さらに、あまり知られていない例としては、顧客によるデザインを可能にした自動車メーカーの取り組みや、読者が出資や運営を行っているメディア会社の成功例などを紹介する。
ポスト真実の時代に自分の知識を多くの人と共有したいと切望している歴史家であれ、親として地元の教育委員会の運営に熱心に携わっている人であれ、新商品の好調な滑り出しを望んでいるクリエイターであれ、いま、どんな業種や立場の人も知っておくべき「新たな能力」が存在する。
その能力は、フェイスブックやスナップチャットで自分を演出するスキルなどと勘違いされがちだが、ニューパワーとは、たんに新しいツールやテクノロジーを指すのではない。
国務省がISISに対するインターネット戦略を誤ったように、多くの人びとは参加のための新しいツールを、きわめてオールドパワー的な方法で用いている。
本書はパワーの行使について、従来とは異なるアプローチや考え方を紹介する。
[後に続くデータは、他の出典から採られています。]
Lemma int_tau_Sne : fine (\int[P]_(t in Sne) (tau t)%:E)%E = Pr P Sne * 0.
Proof.
rewrite (model_integral (fun u => ~~ u.1.2.1 && ~~ u.1.2.2) effect).
rewrite /effect; law_ring.
Qed.

(* Without monotonicity, P(S = mi) - P(S = ma) = E[M(1) - M(0)]. *)
Lemma Pr_Smi_Sma : Pr P Smi = Pr P Sma + betaM.
Proof. rewrite Pr_Smi Pr_Sma betaM_law; ring. Qed.

Lemma strata_total : Pr P Sal + Pr P Smi + Pr P Sma + Pr P Sne = 1.
Proof. rewrite Pr_Sal Pr_Smi Pr_Sma Pr_Sne lawM_ff; ring. Qed.

Lemma int_tau_M :
  fine (\int[P]_(t in [set t | M t]) (tau t)%:E)%E
  = Pr P Sal * betaY + (Pr P Sma + betaM) * pD1 * (betaY + EY01)
    + Pr P Sma * pD0 * - EY01 + 0 * 0.
Proof.
rewrite (model_integral (fun u => if u.1.1 then u.1.2.2 else u.1.2.1) effect).
rewrite Pr_Sal Pr_Sma betaM_law pD1_law pD0_law betaY_law EY01_law /effect.
law_ring.
Qed.

Lemma Pr_M :
  Pr P [set t | M t] = Pr P Sal + (Pr P Sma + betaM) * pD1 + Pr P Sma * pD0 + 0.
Proof.
rewrite (model_Pr (fun u => if u.1.1 then u.1.2.2 else u.1.2.1)).
rewrite Pr_Sal Pr_Sma betaM_law pD1_law pD0_law; law_ring.
Qed.

Lemma int_tau_DM :
  fine (\int[P]_(t in [set t | D t && M t]) (tau t)%:E)%E
  = pD1 * (Pr P Sal * betaY + (Pr P Sma + betaM) * (betaY + EY01)
           + 0 * - EY01 + 0 * 0).
Proof.
rewrite (model_integral
  (fun u => u.1.1 && if u.1.1 then u.1.2.2 else u.1.2.1) effect).
rewrite Pr_Sal Pr_Sma betaM_law pD1_law betaY_law EY01_law /effect; law_ring.
Qed.
(* Write $\chi_n^*(M_{1,2}(F))=\sum m_{\langle\lambda\rangle}\chi_{\langle\lambda\rangle}$, the sum over multipartitions $\langle\lambda\rangle=(\lambda(1),\lambda(2),\lambda(3),\lambda(4))\vdash n$ with $h(\lambda(1))\le2$, $h(\lambda(2))\le3$, $h(\lambda(3))\le2$, $h(\lambda(4))\le2$. If $\langle\lambda\rangle=(\lambda(1),\emptyset,\lambda(3),\lambda(4))$ with $\lambda(3)=(w_1+w_2,w_2)\neq\emptyset$, $\lambda(4)=(\rho_1+\rho_2,\rho_2)\neq\emptyset$ ($w_i,\rho_i\ge0$ integers) and $|w_1-\rho_1|\le2$, then $m_{\langle\lambda\rangle}\neq0$.
   Context: $F$ is a field of characteristic zero. $M_{1,2}(F)$ is $M_3(F)$ with $\mathbb{Z}_2$-grading with even part spanned by $e_{11},e_{22},e_{23},e_{32},e_{33}$, odd part by $e_{12},e_{13},e_{21},e_{31}$, and orthosymplectic superinvolution $*$ sending the matrix with rows $(a,b,c),(d,e,f),(g,h,i)$ to the matrix with rows $(a,-g,d),(c,i,-f),(-b,-h,e)$. Its even symmetric, even skew, odd symmetric, odd skew parts are $\mathrm{span}\{e_{11},e_{22}+e_{33}\}$, $\mathrm{span}\{e_{22}-e_{33},e_{23},e_{32}\}$, $\mathrm{span}\{e_{12}-e_{31},e_{13}+e_{21}\}$, $\mathrm{span}\{e_{12}+e_{31},e_{13}-e_{21}\}$. In the free $*$-superalgebra on variables $y_i^+,y_i^-,z_i^+,z_i^-$ (even symmetric, even skew, odd symmetric, odd skew), a $*$-identity is a polynomial vanishing under all substitutions of the variables by elements of the corresponding parts; $Id_2^*$ denotes the set of them. $P_n^*$ is the span of the monomials $w_{\sigma(1)}\cdots w_{\sigma(n)}$, $\sigma\in S_n$, $w_i\in\{y_i^+,y_i^-,z_i^+,z_i^-\}$. The group $\mathbb{H}_n=(\mathbb{Z}_2\times\mathbb{Z}_2)\wr S_n$, with $\mathbb{Z}_2\times\mathbb{Z}_2=\{1,*,\zeta,*\zeta\}$, acts on $P_n^*$: $h=(a_1,\dots,a_n;\sigma)$ sends $y_i^+\mapsto y_{\sigma(i)}^+$, $y_i^-\mapsto \pm y_{\sigma(i)}^-$ (sign $+$ iff $a_{\sigma(i)}\in\{1,\zeta\}$), $z_i^+\mapsto\pm z_{\sigma(i)}^+$ ($+$ iff $a_{\sigma(i)}\in\{1,*\}$), $z_i^-\mapsto\pm z_{\sigma(i)}^-$ ($+$ iff $a_{\sigma(i)}\in\{1,*\zeta\}$). The character of $P_n^*/(P_n^*\cap Id_2^*(M_{1,2}(F)))$ is the $n$-th $*$-cocharacter $\chi_n^*(M_{1,2}(F))$. Irreducible $\mathbb{H}_n$-characters $\chi_{\langle\lambda\rangle}$ correspond to multipartitions $\langle\lambda\rangle=(\lambda(1),\dots,\lambda(4))$, $\lambda(i)\vdash n_i$, $\sum n_i=n$, with $\lambda(1),\dots,\lambda(4)$ corresponding to the variable types $y^+,y^-,z^+,z^-$; equivalently $m_{\langle\lambda\rangle}$ is the multiplicity of $\chi_{\lambda(1)}\otimes\cdots\otimes\chi_{\lambda(4)}$ in the $S_{n_1}\times\cdots\times S_{n_4}$-character of the multilinear polynomials with $n_1,\dots,n_4$ variables of the four types modulo identities. $h(\mu)$ is the height of a partition $\mu$; $\emptyset$ is the empty partition. *)

From HB Require Import structures.
From mathcomp Require Import all_boot all_order all_fingroup all_algebra.
From mathcomp Require Import boolp.
(** * Projection onto a convex set *)

(* Variational characterisation: moving from [p] towards [y] inside [X] cannot bring [z]
   closer, which forces the angle at [p] between [z] and [y] to be obtuse. *)
Lemma proj_obtuse {n} (X : vec n -> Prop) z p y :
  convex_set X -> is_proj X z p -> X y -> inner (vsub z p) (vsub y p) <= 0.
Proof.
  intros Hc [Hp Hmin] Hy.
  set (A := vsub z p). set (B := vsub y p).
  assert (Hsmall : forall t, 0 < t <= 1 -> 2 * inner B A <= t * inner B B).
  { intros t Ht. set (q := vadd (vscal t y) (vscal (1 - t) p)).
    pose proof (Hmin q (Hc y p t Hy Hp ltac:(lra))) as H.
    assert (H2 : norm (vsub z p) ^ 2 <= norm (vsub z q) ^ 2)
      by (pose proof (norm_nonneg (vsub z p)); nra).
    replace (vsub z q) with (vsub A (vscal t B)) in H2
      by (apply vec_ext; intro i; unfold A, B, q, vsub, vadd, vscal; ring).
    fold A in H2. rewrite !norm_sq, inner_sub_scal_self in H2.
    nra. }
  rewrite inner_sym. fold A B.
  pose proof (inner_self_nonneg B).
  destruct (Rle_dec (inner B A) 0) as [|Hpos]; auto.
  set (t := inner B A / (inner B A + inner B B)).
  assert (Ht : 0 < t <= 1).
  { unfold t; split; [apply Rdiv_lt_0_compat; lra|].
    apply (Rmult_le_reg_r (inner B A + inner B B)); [lra|].
    unfold Rdiv; rewrite Rmult_assoc, Rinv_l; lra. }
  pose proof (Hsmall t Ht).
  assert (t * inner B B <= inner B A).
  { unfold t. apply (Rmult_le_reg_r (inner B A + inner B B)); [lra|].
    replace (inner B A / (inner B A + inner B B) * inner B B * (inner B A + inner B B))
      with (inner B A * inner B B) by (field; lra).
    nra. }
  lra.
Qed.
(* For every integer $d\ge 1$ and real $C\ge 1$, the class $\mathcal{D}^d(C)$ has asymptotic dimension at most $d$.
   Context: $\mathcal{D}^d(C)$ is the class of finite graphs $G$ whose vertices can be mapped to points of $\mathbb{R}^d$ such that any two distinct vertices are mapped to points at Euclidean distance at least $1$, and any two adjacent vertices are mapped to points at Euclidean distance at most $C$. Graphs are metric spaces with the shortest-path distance. For a metric space $(X,d)$, a family $\mathcal U$ of subsets is $D$-bounded if every member has diameter at most $D$, and $r$-disjoint if points in different members are at distance $>r$. A function $D:\mathbb{R}^+\to\mathbb{R}^+$ is an $n$-dimensional control function for $X$ if for every $r>0$ there is a cover $\mathcal U=\mathcal U_1\cup\dots\cup\mathcal U_{n+1}$ of $X$ with each $\mathcal U_i$ $r$-disjoint and each member $D(r)$-bounded; a class has asymptotic dimension at most $n$ if one such function works for all its members. *)

From HB Require Import structures.
From mathcomp Require Import all_boot all_order all_algebra.
From Stdlib Require Import Rdefinitions.
From mathcomp Require Import reals Rstruct.
Set Implicit Arguments. Unset Strict Implicit. Unset Printing Implicit Defensive.
Import Order.TTheory GRing.Theory Num.Theory.
Local Open Scope ring_scope.

Definition simple_graph (T : finType) (e : rel T) : Prop :=
  symmetric e /\ irreflexive e.

Definition walk (T : finType) (e : rel T) (n : nat) (x y : T) : Prop :=
  exists p : seq T, [/\ path e x p, last x p = y & size p = n].

(* Shortest-path distance d_G(x,y) <= D  (D real; infinite distance between
   different components is never <= D). *)
Definition gdist_le (T : finType) (e : rel T) (x y : T) (D : R) : Prop :=
  exists n : nat, walk e n x y /\ (n%:R <= D).

Definition gdist_gt (T : finType) (e : rel T) (x y : T) (r : R) : Prop :=
  forall n : nat, walk e n x y -> r < n%:R.
(* Let $G=(V,E)$ be the bipartite graph with $V=\{v_1,\dots,v_{10}\}$ and the 14 edges $\{v_1,v_6\},\{v_1,v_7\},\{v_2,v_6\},\{v_2,v_7\},\{v_2,v_8\},\{v_3,v_7\},\{v_3,v_9\},\{v_3,v_{10}\},\{v_4,v_8\},\{v_4,v_9\},\{v_4,v_{10}\},\{v_5,v_8\},\{v_5,v_9\},\{v_5,v_{10}\}$, and let $R=\{\{v_2,v_7\},\{v_4,v_9\},\{v_5,v_{10}\}\}$. Let $y\in\mathbb{R}^E$ be given by $y_{\{v_1,v_6\}}=\frac23$ and $y_e=\frac13$ for all other $e\in E$. Then $y\in Q_{(G,R)}$.
   Context: For a bipartite graph $G=(V,E)$ with $|V|=2n$ (here $n=5$) and red edges $R$, let $\mathcal{L}_{\mathrm{all}}(G)$ be the set of labelings $L\colon V\to\{0,1\}$ with $|L^{-1}(1)|\equiv n\pmod 2$, and $E_L=\{\{u,v\}\in E\setminus R\colon L(u)=L(v)\}\cup\{\{u,v\}\in R\colon L(u)\ne L(v)\}$. Then $Q_{(G,R)}=\{x\in\mathbb{R}^E_{\ge0}\colon x(\delta(u))=1\ \forall u\in V,\ x(E_L)\ge1\ \forall L\in\mathcal{L}_{\mathrm{all}}(G)\}$, where $\delta(u)$ is the set of edges at $u$ and $x(S)=\sum_{e\in S}x_e$. *)

From HB Require Import structures.
From mathcomp Require Import all_boot all_order all_algebra.
Set Implicit Arguments. Unset Strict Implicit. Unset Printing Implicit Defensive.
Import Order.TTheory GRing.Theory Num.Theory.
Local Open Scope ring_scope.

(* A (bipartite) graph is given by a finite vertex type V, a finite edge type E,
   and the endpoints  ends e = (u, v)  of each edge e = {u, v}.
   red : pred E is the set R of red edges. *)

Definition incident (V E : finType) (ends : E -> V * V) (u : V) (e : E) : bool :=
  ((ends e).1 == u) || ((ends e).2 == u).

Definition in_EL (V E : finType) (ends : E -> V * V) (red : pred E)
  (L : {ffun V -> bool}) (e : E) : bool :=
  if red e then L (ends e).1 != L (ends e).2 else L (ends e).1 == L (ends e).2.

Definition L_all (V : finType) (n : nat) (L : {ffun V -> bool}) : bool :=
  odd #|[set v | L v]| == odd n.

Definition in_Q (R : realFieldType) (V E : finType) (ends : E -> V * V)
  (red : pred E) (n : nat) (x : E -> R) : Prop :=
  [/\ (forall e, 0 <= x e),
      (forall u : V, \sum_(e | incident ends u e) x e = 1) &
      (forall L : {ffun V -> bool}, L_all n L ->
         1 <= \sum_(e | in_EL ends red L e) x e)].

(* The concrete graph of Lemma 19: vertex v_i is the ordinal i-1 of 'I_10. *)
Definition G19_edges : seq (nat * nat) :=
  [:: (1,6); (1,7); (2,6); (2,7); (2,8); (3,7); (3,9); (3,10);
      (4,8); (4,9); (4,10); (5,8); (5,9); (5,10)].

Definition G19_ends (e : 'I_14) : 'I_10 * 'I_10 :=
  let p := nth (0,0)%N G19_edges e in (inord (p.1.-1), inord (p.2.-1)).

Definition G19_red : pred 'I_14 :=
  fun e => nth (0,0)%N G19_edges e \in [:: (2,7); (4,9); (5,10)]%N.

Definition y19 (R : realFieldType) (e : 'I_14) : R :=
  if nth (0,0)%N G19_edges e == (1,6)%N then 2 / 3 else 1 / 3.

From mathcomp Require Import all_boot all_order all_algebra.
Set Implicit Arguments.
Unset Strict Implicit.
Unset Printing Implicit Defensive.
Import Order.TTheory GRing.Theory Num.Theory.
Local Open Scope ring_scope.

(* Multiplying y by 3 gives integer weights w, equal to 2 on {v1,v6} and to 1
   elsewhere, for which every vertex has weighted degree 3.  Hence y satisfies
   the degree equations, and each parity constraint x(E_L) >= 1 becomes
   w(E_L) >= 3, which is verified for all 2^10 labelings by exhaustion. *)

Section ScaledIntegerPoint.

Variables (R : realFieldType) (V E : finType) (ends : E -> V * V).
Variables (red : pred E) (n : nat) (w : E -> nat) (k : nat) (x : E -> R).
Hypothesis k_gt0 : (0 < k)%N.
Hypothesis x_scaled : forall e, x e = (w e)%:R / k%:R.

Lemma sum_scaled (P : pred E) :
  \sum_(e | P e) x e = (\sum_(e | P e) w e)%N%:R / k%:R.
Proof. by rewrite natr_sum mulr_suml; apply: eq_bigr => e _; rewrite x_scaled. Qed.

Lemma in_Q_scaled :
  (forall u, \sum_(e | incident ends u e) w e = k)%N ->
  (forall L, L_all n L -> k <= \sum_(e | in_EL ends red L e) w e)%N ->
  in_Q ends red n x.
Proof.
have k_unit : k%:R != 0 :> R by rewrite pnatr_eq0 -lt0n.
move=> w_degree w_EL; split=> [e | u | L /w_EL w_EL_L].
- by rewrite x_scaled divr_ge0 ?ler0n.
- by rewrite sum_scaled w_degree divff.
- by rewrite sum_scaled ler_pdivlMr ?ltr0n // mul1r ler_nat.
Qed.

End ScaledIntegerPoint.

Lemma card_set_ord_sum (m : nat) (P : pred 'I_m.+1) :
  #|[set v | P v]| = (\sum_(0 <= i < m.+1) P (inord i))%N.
Proof.
rewrite cardsE -sum1_card big_mknat big_mkcond /=.
by apply: eq_bigr => i _; rewrite unfold_in; case: (P _).
Qed.

Lemma G19_ends_val (e : 'I_14) :
  val (G19_ends e).1 = (nth (0,0) G19_edges e).1.-1 /\
  val (G19_ends e).2 = (nth (0,0) G19_edges e).2.-1.
Proof.
have bounded : all (fun p => (p.1.-1 < 10) && (p.2.-1 < 10))%N G19_edges.
  by [].
have /andP[lt1 lt2] := all_nthP (0,0)%N bounded e (ltn_ord e).
by rewrite /= !inordK.
Qed.

(* Edge e is indexed by its position in G19_edges and vertex v_j by j - 1, so
   that the sums over 0 <= i < 14 below reduce by computation. *)
Definition w19 (i : nat) : nat :=
  (if nth (0,0) G19_edges i == (1,6) then 2 else 1)%N.

Definition incident19 (m i : nat) : bool :=
  let p := nth (0,0) G19_edges i in (p.1.-1 == m) || (p.2.-1 == m).

Definition in_EL19 (f : nat -> bool) (i : nat) : bool :=
  let p := nth (0,0) G19_edges i in
  if p \in [:: (2,7); (4,9); (5,10)] then f p.1.-1 != f p.2.-1
  else f p.1.-1 == f p.2.-1.

Lemma y19E (R : realFieldType) (e : 'I_14) : y19 R e = (w19 e)%:R / 3%:R.
Proof. by rewrite /y19 /w19; case: ifP. Qed.

Lemma incident_G19 (u : 'I_10) (e : 'I_14) :
  incident G19_ends u e = incident19 u e.
Proof. by have [e1 e2] := G19_ends_val e; rewrite /incident -!val_eqE e1 e2. Qed.

Lemma in_EL_G19 (L : {ffun 'I_10 -> bool}) (e : 'I_14) :
  in_EL G19_ends G19_red L e = in_EL19 (fun i => L (inord i)) e.
Proof. by []. Qed.

Lemma degree19 (m : nat) :
  (m < 10 -> \sum_(0 <= i < 14 | incident19 m i) w19 i = 3)%N.
Proof. by do 10! (case: m => [|m]; first by rewrite unlock). Qed.

Lemma in_EL19_weight (f : nat -> bool) :
  odd (\sum_(0 <= i < 10) f i) = odd 5 ->
  (3 <= \sum_(0 <= i < 14 | in_EL19 f i) w19 i)%N.
Proof.
(* Without big_mkcond, unfolding the filtered sum copies its tail into both
   branches of every test, and the term grows exponentially. *)
rewrite (big_mkcond (in_EL19 f)) unlock /in_EL19 /w19 /=.
by case: (f 0); case: (f 1); case: (f 2); case: (f 3); case: (f 4);
   case: (f 5); case: (f 6); case: (f 7); case: (f 8); case: (f 9).
Qed.

Theorem lemma19 (R : realFieldType) :
  in_Q G19_ends G19_red 5 (@y19 R).
Proof.
apply: (in_Q_scaled (w := fun e : 'I_14 => w19 e) (k := 3)) => // [e | u | L].
- exact: y19E.
- under eq_bigl => e do rewrite incident_G19.
  by rewrite -(big_mkord (incident19 u) w19) degree19.
- rewrite /L_all card_set_ord_sum => /eqP parity.
  under eq_bigl => e do rewrite in_EL_G19.
  by rewrite -big_mkord in_EL19_weight.
Qed.
(* The label set Y = {1,...,n+1} is represented by 'I_n.+1, equipped with the
   discrete sigma-algebra (all subsets measurable). *)
HB.instance Definition _ (n : nat) := isPointed.Build 'I_n.+1 ord0.
HB.instance Definition _ (n : nat) :=
  @isMeasurable.Build default_measure_display 'I_n.+1 discrete_measurable
    (@discrete_measurable0 _) (@discrete_measurableC _) (@discrete_measurableU _).

Section defs.
Context (R : realType) (d : measure_display) (X : measurableType d) (n : nat).
Local Notation Y := ('I_n.+1).

Definition Hall : set (X * Y -> R) := [set h | measurable_fun setT h].
Definition Rall : set (X -> R) := [set r | measurable_fun setT r].

(* predictor  h(x) = argmax_y h(x,y) with a fixed tie-breaking *)
Definition hpred (h : X * Y -> R) (x : X) : Y :=
  [arg max_(y > ord0) h (x, y)]%O.

Definition loss01 (h : X * Y -> R) (x : X) (y : Y) : R :=
  (hpred h x != y)%:R.

Definition Labs (c : R) (h : X * Y -> R) (r : X -> R) (x : X) (y : Y) : R :=
  (hpred h x != y)%:R * ((0 < r x)%R : bool)%:R + c * ((r x <= 0)%R : bool)%:R.

Definition lPhih (c : R) (Phi : R -> R) (h : X * Y -> R) (r : X -> R)
  (x : X) (y : Y) : R :=
  (hpred h x != y)%:R * Phi (- r x) + c * Phi (r x).

End defs.

Section bdefs.
Context (R : realType) (d : measure_display) (X : measurableType d).
(* binary labels {-1,+1} represented by bool: true = +1, false = -1;
   sign(t) = +1 iff t > 0 *)
Definition sgnb (t : R) : bool := 0 < t.
Definition lab_val (y : bool) : R := if y then 1 else -1.
Definition bin01 (r : X -> R) (x : X) (y : bool) : R := (y != sgnb (r x))%:R.
Definition binPhi (Phi : R -> R) (r : X -> R) (x : X) (y : bool) : R :=
  Phi (lab_val y * r x).
End bdefs.

Definition Risk (R : realType) (d1 d2 : measure_display)
  (X : measurableType d1) (Y : measurableType d2)
  (P : probability (X * Y)%type R) (f : X -> Y -> R) : \bar R :=
  (\int[P]_z (f z.1 z.2)%:E)%E.

(* excess  E - E^*  (losses are nonnegative, so E^* >= 0; when E = +oo the
   excess is +oo) *)
Definition excess (R : realType) (e s : \bar R) : \bar R :=
  if e == +oo%E then +oo%E else (e - s)%E.

(* extension of Gamma : R -> R to the (nonnegative) extended reals,
   Gamma(+oo) = +oo, i.e. the bound is vacuous when the surrogate excess is
   infinite *)
Definition Gext (R : realType) (G : R -> R) (e : \bar R) : \bar R :=
  match e with
  | EFin r => (G r)%:E
  | +oo%E => +oo%E
  | -oo%E => -oo%E
  end.

Definition nondecr0 (R : realType) (G : R -> R) : Prop :=
  forall s t : R, 0 <= s -> s <= t -> G s <= G t.
Definition concave0 (R : realType) (G : R -> R) : Prop :=
  forall (s t l : R), 0 <= s -> 0 <= t -> 0 <= l <= 1 ->
    l * G s + (1 - l) * G t <= G (l * s + (1 - l) * t).

From HB Require Import structures.
From mathcomp Require Import all_boot all_order all_algebra.
From mathcomp Require Import all_classical all_reals all_analysis.
From mathcomp Require Import measurable_realfun.
From mathcomp Require Import lra.
Import Order.TTheory GRing.Theory Num.Theory.
Local Open Scope classical_set_scope.
Local Open Scope ring_scope.

(** Fix [h] and let [Z = c + P(h errs)], so that [c <= Z <= 1 + c].  For any
    competitor [(h', r')], the classifier that follows [h'] where [r'] accepts and
    [h] where [r'] abstains satisfies a pointwise identity showing that the
    abstention excess risk of [(h, r)] is at most the excess risk of [r] as a
    rejector for [h] plus the zero-one excess risk of [h]; the latter is bounded
    via [G1].  With [h] fixed, the abstention loss and [lPhih] are [Z] times the
    binary zero-one and [Phi]-losses of [r] for the distribution on
    [X * {-1, +1}] proportional to [c] times the marginal of [P] labelled [+1]
    plus the misclassified part of [P] labelled [-1].  The [G2] bound for that
    distribution gives [Z * G2 (exPhi / Z)], which is at most
    [(1 + c) * G2 (exPhi / c)] since [G2] is non-decreasing, and equals
    [G2 exPhi] when [G2] is linear. *)

Section excess.
Context {R : realType}.
Local Open Scope ereal_scope.

Lemma excess_fin (e s : \bar R) : e \is a fin_num -> excess e s = e - s.
Proof. by case: e. Qed.

Lemma excess_ge0 (e s : \bar R) : 0 <= s -> s <= e -> 0 <= excess e s.
Proof.
rewrite /excess; case: eqVneq => // eNoo s0 se.
by rewrite sube_ge0 // ge0_fin_numE // (le_lt_trans se) // ltey.
Qed.

Lemma excessZl (k : R) (e s : \bar R) : (0 < k)%R ->
  excess (k%:E * e) (k%:E * s) = k%:E * excess e s.
Proof.
move=> k0; case: e => [e| |]; rewrite /excess /=.
- by rewrite muleBr.
- by rewrite gt0_muley ?lte_fin // eqxx.
- rewrite gt0_muleNy ?lte_fin //=; case: s => [s| |] //=;
    by rewrite ?gt0_muley ?gt0_muleNy ?lte_fin.
Qed.

Lemma ge0_ereal_inf_fin_num T (A : set T) (f : T -> \bar R) t :
  (forall u, A u -> 0 <= f u) -> A t -> f t \is a fin_num ->
  ereal_inf (f @` A) \is a fin_num.
Proof.
move=> f0 At ft; rewrite ge0_fin_numE; last first.
  by apply: le_ereal_inf_tmp => _ [u Au <-]; exact: f0.
apply: le_lt_trans (_ : f t < +oo); last by rewrite ltey_eq ft.
by apply: ereal_inf_lbound; exists t.
Qed.

Lemma Gext_rescale_le (G : R -> R) (c Z C : R) (x : \bar R) : nondecr0 G ->
  (0 < c <= Z)%R -> (Z <= C)%R -> 0 <= x -> 0 <= Gext G (Z^-1%:E * x) ->
  Z%:E * Gext G (Z^-1%:E * x) <= C%:E * Gext G (x * c^-1%:E).
Proof.
move=> G_nd /andP[c0 cZ] ZC; have Z0 : (0 < Z)%R := lt_le_trans c0 cZ.
case: x => [x| |] // x0 G0.
- rewrite /= !lee_fin in x0 G0 *.
  have x_le : (Z^-1 * x <= x * c^-1)%R.
    by rewrite mulrC ler_wpM2l // lef_pV2 // posrE.
  have Zx0 : (0 <= Z^-1 * x)%R by rewrite mulr_ge0 // invr_ge0 ltW.
  have g12 := G_nd _ _ Zx0 x_le.
  apply: (le_trans (ler_wpM2r G0 ZC)).
  by rewrite ler_wpM2l // (le_trans (ltW Z0)).
- have Zi0 : (0 < Z^-1)%R by rewrite invr_gt0.
  have ci0 : (0 < c^-1)%R by rewrite invr_gt0.
  rewrite gt0_muley ?gt0_mulye ?lte_fin //=.
  by rewrite !gt0_muley ?lte_fin ?(lt_le_trans Z0).
Qed.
流行っては廃れるツールやプラットフォームとは違って、長く活用できるはずだ。
・どうすれば大勢の人が飛びつき、盛り上げ、拡散してくれるアイデアを生み出せるのか?
・集団との結びつきがますますゆるく一時的になっていく時代に、どうすれば大勢の人が長く所属したがる場をつくれるのか?
・新旧のパワーをどのように使い分け、どんなときに両方を組み合わせるべきか?
・オールドパワーのほうがよい結果をもたらすのは、どんなケースか?
本書はこのような問いに答えながら、世界中のもっとも刺激的なニューパワーの成功例(および重要な教訓とすべき例)の数々を紹介していく。